[Goal of the exercise]
I need the lines below from the one with "Definition graph_iso (M" down to the one with "(* Balanced double" reproduced exactly, both ends included, and nothing else.

[The records]
********************

(* Let $T$ be a tree on $n$ vertices. Then $k(T)=3$ if and only if $T\in\mathcal{T}$, where $\mathcal{T}$ is the family of trees obtained by appending $b\ge 1$ pendent vertices to each leaf of a star, or to each leaf of a balanced double star (the same $b$ for every leaf).
   Context: For a connected graph $G=(V,E)$ and $v\in V$, the status of $v$ is $s(v)=\sum_{u\in V} d(v,u)$, where $d$ is the shortest-path distance; $k(G)$ is the number of distinct status values of vertices of $G$. A star is a tree of diameter $2$, i.e. $K_{1,m}$ with $m\ge 2$. A balanced double star is a graph obtained from $K_2$ by appending $a\ge 1$ pendent vertices to each of its two vertices (the same $a$ for both). *)

(* simple graphs as symmetric irreflexive relations on a finType. *)
From mathcomp Require Import all_boot.
Set Implicit Arguments. Unset Strict Implicit. Unset Printing Implicit Defensive.

Section Graphs.
Variable T : finType.
Variable e : rel T.

Definition connectedg : Prop := forall x y : T, connect e x y.

Definition acyclicg : Prop :=
  forall p : seq T, uniq p -> 2 < size p -> ~~ cycle e p.

Definition is_tree : Prop := connectedg /\ acyclicg.

Fixpoint ball (k : nat) (x : T) : {set T} :=
  match k with
  | 0 => [set x]
  | k'.+1 => ball k' x :|: [set y | [exists z in ball k' x, e z y]]
  end.

(* shortest-path distance: d(x,y) = #{k : y not within distance k of x}
   (equal to the usual distance in a connected graph, since every distance is < #|T|) *)
Definition dist (x y : T) : nat :=
  \sum_(k < #|T|) nat_of_bool (y \notin ball k x).

Definition status (v : T) : nat := \sum_(u : T) dist v u.

Definition kstat : nat := size (undup [seq status v | v <- enum T]).

Definition graph_iso (M : finType) (eM : rel M) : Prop :=
  exists f : T -> M, bijective f /\ forall x y, eM (f x) (f y) = e x y.

End Graphs.

(* Star K_{1,m} (center None, leaves Some (inl i)) with b pendent vertices
   Some (inr (i,j)) appended to each leaf i. *)
Definition star_pend_rel (m b : nat) : rel (option ('I_m + 'I_m * 'I_b)) :=
  fun x y =>
    match x, y with
    | None, Some (inl _) => true
    | Some (inl _), None => true
    | Some (inl i), Some (inr (i', _)) => i == i'
    | Some (inr (i', _)), Some (inl i) => i == i'
    | _, _ => false
    end.

(* Balanced double star: centers inl (inl c) (c : bool), joined to each other;
   leaves inl (inr (c,i)) (a of them on each center c); b pendent vertices
   inr (c,i,j) appended to each leaf (c,i). *)
Definition dstar_pend_rel (a b : nat)
  : rel ((bool + bool * 'I_a) + bool * 'I_a * 'I_b) :=
  fun x y =>
    match x, y with
    | inl (inl c), inl (inl c') => c != c'
    | inl (inl c), inl (inr (c', _)) => c == c'
    | inl (inr (c', _)), inl (inl c) => c == c'
    | inl (inr (c, i)), inr (c', i', _) => (c == c') && (i == i')
    | inr (c', i', _), inl (inr (c, i)) => (c == c') && (i == i')
    | _, _ => false
    end.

********************

[Result of the exercise]
Definition graph_iso (M : finType) (eM : rel M) : Prop :=
  exists f : T -> M, bijective f /\ forall x y, eM (f x) (f y) = e x y.

End Graphs.

(* Star K_{1,m} (center None, leaves Some (inl i)) with b pendent vertices
   Some (inr (i,j)) appended to each leaf i. *)
Definition star_pend_rel (m b : nat) : rel (option ('I_m + 'I_m * 'I_b)) :=
  fun x y =>
    match x, y with
    | None, Some (inl _) => true
    | Some (inl _), None => true
    | Some (inl i), Some (inr (i', _)) => i == i'
    | Some (inr (i', _)), Some (inl i) => i == i'
    | _, _ => false
    end.

(* Balanced double star: centers inl (inl c) (c : bool), joined to each other;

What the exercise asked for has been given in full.